- Artist: John Constable
- Year: 1820
- Type: Oil on canvas, landscape painting
- Dimensions: 45.7 cm × 55.3 cm (18.0 in × 21.8 in)
- Location: Victoria and Albert Museum, London;

= Water Meadows near Salisbury =

Painting by John Constable

Water Meadows near Salisbury is an 1820 landscape painting by the British artist John Constable. It features a view of water meadows outside the city of Salisbury in Wiltshire. Constable frequently went to stay at Salisbury with his friend John Fisher, and produced a number of views of the city and its surroundings. Constable intended to display the painting at the Royal Academy Exhibition of 1830 at Somerset House, but when it was assessed by the selection committee they rejected the painting with one member describing it as a "poor thing" and "very green" unaware that it was Constable who had produced it. Although Constable had been elected a full member of the Royal Academy the previous year and was therefore entitled to have all his submitted pictures displayed, he chose to withdrew it perhaps out of a sense of embarrassment.

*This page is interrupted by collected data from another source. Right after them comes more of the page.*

(* Let $s\geq 2$ be an integer. Among the complete graphs $K_m$ with $m\geq s+2$, there are exactly $s-1$ for which there exists a function $g:A\to B$ with $|g(A)|=s$ and $fix(K_m)=fix(F_{K_m})$; namely these are $K_{s+2},K_{s+3},\dots,K_{2s}$.
   Context: A set $S\subseteq V(H)$ is a fixing set of a graph $H$ if the only automorphism of $H$ fixing every vertex of $S$ is the identity; $fix(H)$ is the minimum cardinality of a fixing set of $H$. Functigraph: let $G_1,G_2$ be disjoint copies of a connected graph $G$, with $A=V(G_1)$, $B=V(G_2)$, and let $g:A\to B$ be a function. The functigraph $F_G$ has vertex set $A\cup B$ and edge set $E(G_1)\cup E(G_2)\cup\{ug(u):u\in A\}$. *)

From mathcomp Require Import all_boot all_fingroup.
Set Implicit Arguments. Unset Strict Implicit. Unset Printing Implicit Defensive.

Definition is_aut (T : finType) (e : rel T) (p : {perm T}) : bool :=
  [forall x, forall y, e (p x) (p y) == e x y].

Definition fixing_set (T : finType) (e : rel T) (S : {set T}) : bool :=
  [forall p : {perm T}, (is_aut e p && [forall x in S, p x == x]) ==> (p == 1%g)].

Definition has_fixing_set_of_size (T : finType) (e : rel T) (n : nat) : bool :=
  [exists S : {set T}, (#|S| == n) && fixing_set e S].

Lemma has_fixing_set_ex (T : finType) (e : rel T) :
  exists n, has_fixing_set_of_size e n.
Proof.
exists #|[set: T]|; apply/existsP; exists [set: T]; rewrite eqxx /=.
apply/forallP => p; apply/implyP => /andP [_ /forallP H].
apply/eqP/permP => x; rewrite perm1; exact/eqP/(implyP (H x))/in_setT.
Qed.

It was acquired by the art collector John Sheepshanks who in 1857 included it in the large Sheepshanks Gift to the nation. Today it is in the collection of the Victoria and Albert Museum in South Kensington. It featured in the 2025 exhibition Turner and Constable: Rivals and Originals at the Tate Britain.

==See also==
- List of paintings by John Constable

==Bibliography==
- Bietoletti, Silvestra. Neoclassicism and Romanticism. Sterling Publishing Company, 2009.
- Concannon, Amy (ed.) Turner and Constable: Rivals and Originals. Tate Publishing, 2025
- Reynolds, Graham. Constable's England. Metropolitan Museum of Art, 1983.
- Roe, Sonia. Oil Paintings in Public Ownership in the Victoria and Albert Museum. Public Catalogue Foundation, 2008.